Another issue with LNG is that it’s a liquid and requires a special process to be carried on for it to become gas again. This can only be achieved in plants equipped with all the necessary technology which is lacking even in developed countries like Germany, let alone smaller states.

Still, the countries have a lot of hopes for LNG to save them from the global energy crisis. While coal is considered the dirtiest fossil fuel ever with countries trying to avoid its usage, natural gas is less harmful to the environment. If due precautions are taken, LNG isn’t expected to significantly endanger nature, as it often happens with oil. However, one must not forget that it still is a fossil fuel and emits CO2, even if the amount is not as big as with coal.

The country pioneering the import of LNG is currently Germany. As Germany’s ports lack the opportunity to dock all the arriving ships at the same time, the country is building a floating terminal to load the cargo on. This terminal can serve not only as a means of transportation or storage but also turn LNG back into gaseous form. Other terminals like this one are already in production.

Chief exporters of LNG to Germany will be UAE and Qatar, as was agreed to earlier this autumn. The former is also a major oil exporter but with rising demand for natural gas, the country’s Abu Dhabi National Oil Company turned its attention to the LNG supply. Germany is being criticized for overlooking the UAE’s participation in the Yemen war and the human rights breaches happening there for the sake of striking the LNG deal. However, the German Government stated that the needs of their citizens come first, and overcoming the energy crisis caused by Russian actions is their chief priority. Still, Germany is not relying only on its Arabic partners in this battle, with German energy company Uniper signing a deal with Australian LNG provider Woodside Energy in September.

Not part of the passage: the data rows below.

Lemma copy_not_literal_free : ~ (forall i, kind (f i) != Literal).
Proof.
move=> noL; have [z kz] := copy_has_clique.
have [w0 [w1 [w2 [e01 e02 w12 noK far]]]] := copy_far_cherry kz.
have [c0 l1 l2] := copy_cherry_no_literal noL noK e01 e02 w12.
have [a01 a02 f12] := copy_cherry e01 e02 w12.
case: (f z) kz far => [[[? | ?] | ?] | l] // _.
by rewrite (clique_sees_clause_cherry l c0 l1 l2 a01 a02 f12).
Qed.

Lemma copy_not_clause_free : ~ (forall i, kind (f i) != Clause).
Proof.
move=> noC; have [z [l [fz l_ne3]]] := copy_clique_not_k4 noC.
have kz : kind (f z) = Clique by rewrite fz.
have [w0 [w1 [w2 [e01 e02 w12 noK far]]]] := copy_far_cherry kz.
have [l0 link12] := copy_cherry_no_clause noC noK e01 e02 w12.
by rewrite fz (clique_sees_lit_cherry cl l_ne3 l0 link12) in far.
Qed.

End InducedCopy.

Theorem lemma3 (n m : nat) (cl : 'I_m -> 'I_3 -> 'I_n)
  (Hcl : forall j, injective (cl j))
  (Hdist : forall j j', j != j' -> [set cl j k | k : 'I_3] != [set cl j' k | k : 'I_3]) :
  induced_free (@adjG' n m cl) P3P5.
Proof.
move=> [f [f_inj f_adj]].
case: (copy_lit_or_clause_free f_adj).
- exact: copy_not_literal_free f_inj f_adj.
- exact: copy_not_clause_free f_inj f_adj.
Qed.
Lemma area_bound d n N (L : list T) : 0 < d -> N = INR n * d ->
  (forall p, In p L ->
     0 <= X p /\ X p + W p <= N /\ 0 <= Y p /\ Y p + H p <= N /\ 0 <= W p) ->
  ForallOrdPairs rect_disjoint L ->
  sum_if L (fun _ => true) (fun p => W p * (H p - d)) <= d * (INR n + 1) * N.
Proof.
  intros Hd HN Hin Hdisj.
  set (crosses := fun (t : R) (p : T) => between (Y p) (Y p + H p) t).
  assert (Hline : forall t, sum_if L (crosses t) W <= N).
  { intros t. rewrite sum_if_filter. replace N with (N - 0) by ring.
    apply (intervals_total_length (length (filter (crosses t) L))); [lia| | |].
    - assert (0 <= INR n) by apply pos_INR. nra.
    - intros p Hp. apply filter_In in Hp as [Hp _]. destruct (Hin p Hp); lra.
    - apply (ForallOrdPairs_impl_in rect_disjoint);
        [|apply ForallOrdPairs_filter; auto].
      intros p q Hp Hq Hpq. apply filter_In in Hp as [_ Hp]. apply filter_In in Hq as [_ Hq].
      unfold crosses, between in Hp, Hq.
      destruct (Rlt_dec (Y p) t); [|discriminate].
      destruct (Rlt_dec t (Y p + H p)); [|discriminate].
      destruct (Rlt_dec (Y q) t); [|discriminate].
      destruct (Rlt_dec t (Y q + H q)); [|discriminate].
      unfold rect_disjoint in Hpq. lra. }
  set (J := seq 0 (S n)).
  assert (Hlines : sum_if J (fun _ => true) (fun j => sum_if L (crosses (INR j * d)) W)
                   <= INR (S n) * N).
  { replace (INR (S n)) with (INR (length J)) by (unfold J; rewrite length_seq; reflexivity).
    rewrite <- sum_if_const. apply sum_if_le_w. auto. }
  rewrite sum_if_swap, S_INR in Hlines.
  eapply Rle_trans; [|rewrite Rmult_assoc; apply Rmult_le_compat_l; [lra|exact Hlines]].
  rewrite <- sum_if_scal. apply sum_if_le_w. intros p Hp _.
  rewrite sum_if_const_count.
  destruct (Hin p Hp) as (_ & _ & Hy & Hyh & Hw).
  pose proof (grid_hits_lb n d (Y p) (Y p + H p) Hd Hy ltac:(lra)) as Hhits.
  unfold grid_hits in Hhits. fold J in Hhits. unfold crosses.
  set (hits := sum_if J _ (fun _ => 1)) in *.
  assert (0 <= W p * (d * hits - (H p - d))) by (apply Rmult_le_pos; lra).
  nra.
Qed.

End Rectangles.

(** * No feasible packing has more than 2k items *)

Lemma nth_le_Mmax (A : list nat) i : (nth i A 0 <= Mmax A)%nat.
Proof.
  destruct (Nat.lt_ge_cases i (length A)) as [Hi|Hi]; [|rewrite nth_overflow; lia].
  assert (Hall := proj1 (list_max_le A (list_max A)) (le_n _)).
  rewrite Forall_forall in Hall. apply Hall, nth_In, Hi.
Qed.

Lemma Mmax_pos (A : list nat) i :
  Forall (fun a => (0 < a)%nat) A -> (i < length A)%nat -> 0 < INR (Mmax A).
Proof.
  intros HA Hi. apply lt_0_INR.
  rewrite Forall_forall in HA. specialize (HA _ (nth_In A 0%nat Hi)).
  pose proof (nth_le_Mmax A i). lia.
Qed.

Lemma Nsize_eq A k : Nsize A k = 2 * INR (Mmax A) * INR k ^ 4.
Proof. reflexivity. Qed.

Lemma item_dims A k it : (2 <= k)%nat ->
  let M := INR (Mmax A) in let K := INR k in
  0 <= item_w A k it <= M * (K ^ 4 + 1) /\ 0 <= item_h A k it <= M * (K ^ 4 + 1) /\
  M ^ 2 * (2 * K ^ 7 - K ^ 4 - 1) <= item_w A k it * item_h A k it.
Proof.
  intros Hk M K.
  assert (HK : 2 <= K) by (apply (le_INR 2); auto).
  set (a := INR (nth (fst it) A 0%nat)).
  assert (Ha0 : 0 <= a) by apply pos_INR.
  assert (HaM : a <= M) by (apply le_INR, nth_le_Mmax).
  assert (Hu : Nsize A k / K = 2 * M * K ^ 3) by (unfold Nsize, M, K in *; field; lra).
  assert (HK3 : 1 <= K ^ 3) by (rewrite <- (pow1 3); apply pow_incr; lra).
  assert (HK4 : K ^ 4 = K * K ^ 3) by ring.
  assert (HK7 : K ^ 7 = K ^ 3 * K ^ 4) by ring.
  unfold item_w, item_h; fold a K.
  rewrite Hu, Nsize_eq; change (INR k) with K; fold M.
  assert (0 <= M) by lra.
  assert (HMK : M * (2 * K ^ 3) <= M * K ^ 4) by (rewrite HK4; apply Rmult_le_compat_l; nra).
  assert (0 <= a * (M * K ^ 4 - M * (2 * K ^ 3))) by (apply Rmult_le_pos; lra).
  assert (a * a <= M * M) by nra.
  assert (a * M <= M * M) by nra.
  assert (a * (M * K^4) <= M * (M * K^4)) by (apply Rmult_le_compat_r; nra).
  destruct (snd it); repeat split; nra.
Qed.

Lemma placement_dims A k p : (2 <= k)%nat ->
  let M := INR (Mmax A) in let K := INR k in
  0 <= pw A k p <= M * (K ^ 4 + 1) /\
  M ^ 2 * (2 * K ^ 7 - K ^ 4 - 1) <= pw A k p * ph A k p.
Proof.
  intros Hk M K. destruct (item_dims A k (pl_item p) Hk) as (Hw & Hh & Harea).
  unfold pw, ph. destruct (pl_rot p); [rewrite (Rmult_comm (item_h _ _ _))|]; tauto.
Qed.

Lemma pow_gap_2k1 K : 9 <= K -> 4 * K ^ 8 + 2 * K ^ 4 < (2 * K + 1) * (2 * K ^ 7 - 2 * K ^ 4 - 2).
Proof.
  intros HK.
  assert (H2 : 81 <= K ^ 2) by (simpl; nra).
  assert (H4 : 6561 <= K ^ 4) by (replace (K ^ 4) with (K ^ 2 * K ^ 2) by ring; nra).
  assert (H5 : 9 * K ^ 4 <= K ^ 5) by (replace (K ^ 5) with (K * K ^ 4) by ring; nra).
  assert (H7 : 81 * K ^ 5 <= K ^ 7) by (replace (K ^ 7) with (K ^ 2 * K ^ 5) by ring; nra).
  assert (K ^ 8 = K * K ^ 7) by ring.
  nra.
Qed.

Lemma feasible_length_le A k P : (9 <= k)%nat -> Forall (fun a => (0 < a)%nat) A ->
  feasible true A k P -> (length P <= 2 * k)%nat.
Proof.
  intros Hk HA [Hin [_ Hdisj]].
  destruct P as [|p0 P0] eqn:EP; [simpl; lia|]. rewrite <- EP in *.
  set (M := INR (Mmax A)). set (K := INR k).
  assert (HM : 0 < M).
  { apply (Mmax_pos A (fst (pl_item p0))); auto.
    apply Hin. rewrite EP. left. reflexivity. }
  assert (HK : 9 <= K) by (replace 9 with (INR 9) by (simpl; ring); apply le_INR; lia).
  assert (Harea : sum_if P (fun _ => true) (fun p => pw A k p * (ph A k p - M))
                  <= M * (INR (2 * k ^ 4) + 1) * Nsize A k).
  { apply (area_bound pl_x pl_y); auto.
    - rewrite mult_INR, pow_INR, Nsize_eq. fold M K. simpl (INR 2). ring.
    - intros p Hp. destruct (Hin p Hp) as (_ & _ & Hx & Hxw & Hy & Hyh).
      destruct (placement_dims A k p ltac:(lia)) as [Hw _]. repeat split; lra.
    - apply (ForallOrdPairs_of_nth _ _ dummy_pl), Hdisj. }
  rewrite mult_INR, pow_INR, Nsize_eq in Harea. fold M K in Harea. simpl (INR 2) in Harea.
  assert (Hlow : INR (length P) * (M ^ 2 * (2 * K ^ 7 - 2 * K ^ 4 - 2))
                 <= sum_if P (fun _ => true) (fun p => pw A k p * (ph A k p - M))).
  { rewrite <- sum_if_const. apply sum_if_le_w. intros p _ _.
    destruct (placement_dims A k p ltac:(lia)) as [Hw Harea_p]. fold M K in Hw, Harea_p.
    assert (pw A k p * M <= M * (K ^ 4 + 1) * M) by (apply Rmult_le_compat_r; lra).
    nra. }
  assert (Hup : INR (length P) * (2 * K ^ 7 - 2 * K ^ 4 - 2) <= 4 * K ^ 8 + 2 * K ^ 4).
  { apply (Rmult_le_reg_l (M ^ 2)); [apply pow_lt; lra|]. nra. }
  pose proof (pow_gap_2k1 K HK).
  assert (Hc : 0 < 2 * K ^ 7 - 2 * K ^ 4 - 2) by nra.
  destruct (le_lt_dec (length P) (2 * k)) as [ok|bad]; auto. exfalso.
  assert (Hn : 2 * K + 1 <= INR (length P)).
  { replace (2 * K + 1) with (INR (S (2 * k)))
      by (rewrite S_INR, mult_INR; unfold K; simpl; ring).
    apply le_INR. lia. }
  nra.
Qed.

(** * Packing a balanced selection *)

Definition before (a : nat -> nat) (i j : nat) : bool :=
  (a j <? a i)%nat || ((a i =? a j)%nat && (i <? j)%nat).

Ltac unfold_before :=
  unfold before in *;
  repeat match goal with
  | |- context [Nat.ltb ?x ?y] => destruct (Nat.ltb_spec x y)
  | |- context [Nat.eqb ?x ?y] => destruct (Nat.eqb_spec x y)
  | H : context [Nat.ltb ?x ?y] |- _ => destruct (Nat.ltb_spec x y)
  | H : context [Nat.eqb ?x ?y] |- _ => destruct (Nat.eqb_spec x y)
  end; simpl in *; try discriminate; try lia; auto.

Lemma before_irrefl a i : before a i i = false.
Proof. unfold_before. Qed.

Lemma before_trans a i j l :
  before a i j = true -> before a j l = true -> before a i l = true.
Proof. intros. unfold_before. Qed.

Lemma before_total a i j : i <> j -> before a i j = true \/ before a j i = true.
Proof. intros. unfold_before. Qed.

Lemma before_false_le a i j : before a i j = false -> (a i <= a j)%nat.
Proof. intros. unfold_before. Qed.

Definition offset (L : list nat) (a : nat -> nat) (w : nat -> R) (j : nat) : R :=
  sum_if L (fun l => before a l j) w.

Section Offsets.

Variables (L : list nat) (a : nat -> nat) (w : nat -> R).
Hypothesis L_NoDup : NoDup L.
Hypothesis w_ge0 : forall l, In l L -> 0 <= w l.

Lemma offset_ge0 j : 0 <= offset L a w j.
Proof. apply sum_if_ge0, w_ge0. Qed.

Lemma offset_before i j : In i L -> before a i j = true ->
  offset L a w i + w i <= offset L a w j.
Proof.
  intros Hi Hij. apply sum_if_add_le_pred; auto using before_irrefl.
  intros l _ Hli. eapply before_trans; eauto.
Qed.

Lemma offset_end j : In j L -> offset L a w j + w j <= sum_if L (fun _ => true) w.
Proof. intros Hj. apply sum_if_add_le_pred; auto using before_irrefl. Qed.

End Offsets.

Definition rotate_K A k (p : placement) : placement :=
  mkPlacement (pl_item p) (pl_rot p)
    (Nsize A k - pl_x p - pw A k p) (Nsize A k - pl_y p - ph A k p).

Lemma inside_rotate_K A k p : inside_K A k p -> inside_K A k (rotate_K A k p).
Proof. unfold inside_K, rotate_K, pw, ph; simpl. lra. Qed.

Lemma disjoint_rotate_K A k p q :
  disjoint_open A k p q -> disjoint_open A k (rotate_K A k p) (rotate_K A k q).
Proof. unfold disjoint_open, rotate_K, pw, ph; simpl. lra. Qed.

Lemma disjoint_open_sym A k p q : disjoint_open A k p q -> disjoint_open A k q p.
Proof. unfold disjoint_open. tauto. Qed.

Section Block.
Lemma weakly_compact_homogeneous (P : K -> K -> Prop) :
  exists H, unbounded lt H /\
    ((forall x y, H x -> H y -> lt x y -> P x y) \/
     (forall x y, H x -> H y -> lt x y -> ~ P x y)).
Proof.
  destruct HWC as [_ Hpart].
  destruct (Hpart (fun x y => if excluded_middle_informative (P x y) then true else false))
    as [H [HH [col Hcol]]].
  exists H. split; [now apply unbounded_of_card_full|].
  destruct col; [left|right]; intros x y Hx Hy Hxy; specialize (Hcol x y Hx Hy Hxy);
    destruct (excluded_middle_informative (P x y)); easy.
Qed.

Lemma power_small l : ~ embeds_in_power theta l.
Proof.
  induction l as [l IH] using (well_founded_ind lt_wf). intros [e [Hval Hinj]].
  assert (Hsmaller : exists d, lt d l /\ embeds_in_power theta d).
  { destruct (weakly_compact_homogeneous (fun x y => lex lt l (e x) (e y)))
      as [H [HU [Hup|Hdown]]].
    - apply (lex_chain_embeds theta lt l e H); eauto using lt_trans, lt_irrefl.
    - apply (lex_chain_embeds theta (fun p q => lt q p) l e H);
        eauto using lt_trans, lt_irrefl.
      intros x y Hx Hy Hxy. apply lex_flip.
      destruct (lex_total l (e x) (e y)) as [h|h]; auto.
      + apply NNPP. intros N. apply (lt_irrefl x). rewrite (Hinj x y) at 2; auto.
        intros d Hd. apply NNPP. intros Hne. apply N. eauto.
      + exfalso. exact (Hdown x y Hx Hy Hxy h). }
  destruct Hsmaller as [d [Hd Hemb]]. exact (IH d Hd Hemb).
Qed.

Section Branch.
Variable t : K -> K -> K.
Hypothesis Ht : forall b x, lt x b -> lt (t b x) theta.
Variable H : K -> Prop.
Hypothesis HU : unbounded lt H.
Hypothesis Hhom :
  (forall x y, H x -> H y -> lt x y -> lex lt x (t x) (t y)) \/
  (forall x y, H x -> H y -> lt x y -> ~ lex lt x (t x) (t y)).

Definition frequent (a : K) (s : K -> K) : Prop :=
  unbounded lt (fun b => H b /\ lt a b /\ forall x, lt x a -> t b x = s x).

Lemma frequent_exists a : exists s, frequent a s.
Proof.
  destruct (unbounded_fiber _ _ (fun b => trunc a (t b)) (unbounded_above H a HU))
    as [s Hs].
  - intros g Hg Hinj. apply (power_small a). exists (fun z => t (g z)). split.
    + intros z d Hd. apply Ht. eapply lt_trans; [exact Hd|apply Hg].
    + intros z z' Hagree. apply Hinj. now apply trunc_ext.
  - exists s. intros y. destruct (Hs y) as [b [[[Hb Hab] Hs_b] Hyb]].
    exists b. repeat split; auto. intros x Hx. rewrite <- Hs_b. now rewrite trunc_lt.
Qed.

Lemma frequent_not_lex a s1 s2 : frequent a s1 -> frequent a s2 -> ~ lex lt a s1 s2.
Proof.
  intros H1 H2 Hlex.
  destruct (unbounded_gt _ H1 a) as [b1 [[Hb1 [_ E1]] Hab1]].
  destruct (unbounded_gt _ H2 b1) as [b2 [[Hb2 [Hab2 E2]] H12]].
  destruct (unbounded_gt _ H1 b2) as [b3 [[Hb3 [_ E3]] H23]].
  assert (L12 : lex lt b1 (t b1) (t b2)).
  { apply (lex_agree lt a b1 s1 s2); auto using lt_le; intros x Hx; symmetry; auto. }
  assert (L32 : lex lt b2 (t b3) (t b2)).
  { apply (lex_agree lt a b2 s1 s2); auto using lt_le; intros x Hx; symmetry; auto. }
  destruct Hhom as [Hup|Hdown].
  - exact (lex_asym _ _ _ _ (Hup b2 b3 Hb2 Hb3 H23) L32).
  - exact (Hdown b1 b2 Hb1 Hb2 H12 L12).
Qed.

Germany is not the only European country seeking a way to solve the energy crisis with the help of LNG. The UK announced a deal with the US just after the COP27 climate change summit in November. The States promised to supply the Kingdom with 10 billion cubic meters of LNG during the following year. However, it’s still unclear if the UK will be able to obtain enough gas by the beginning of winter since the US also needs to ship it to the EU as per the agreement reached several months prior this year.

On November 29 opens the World LNG summit, where global energy prices, floating and onshore terminals, and new LNG technology will be discussed among other issues. Hopefully, the experts will come up with possible solutions for the gradual decarbonization of the LNG business, which is one of the biggest concerns in this industry. If liquified natural gas could be used without emitting any amount of CO2 it would certainly become one of the best ways to tackle the energy crisis.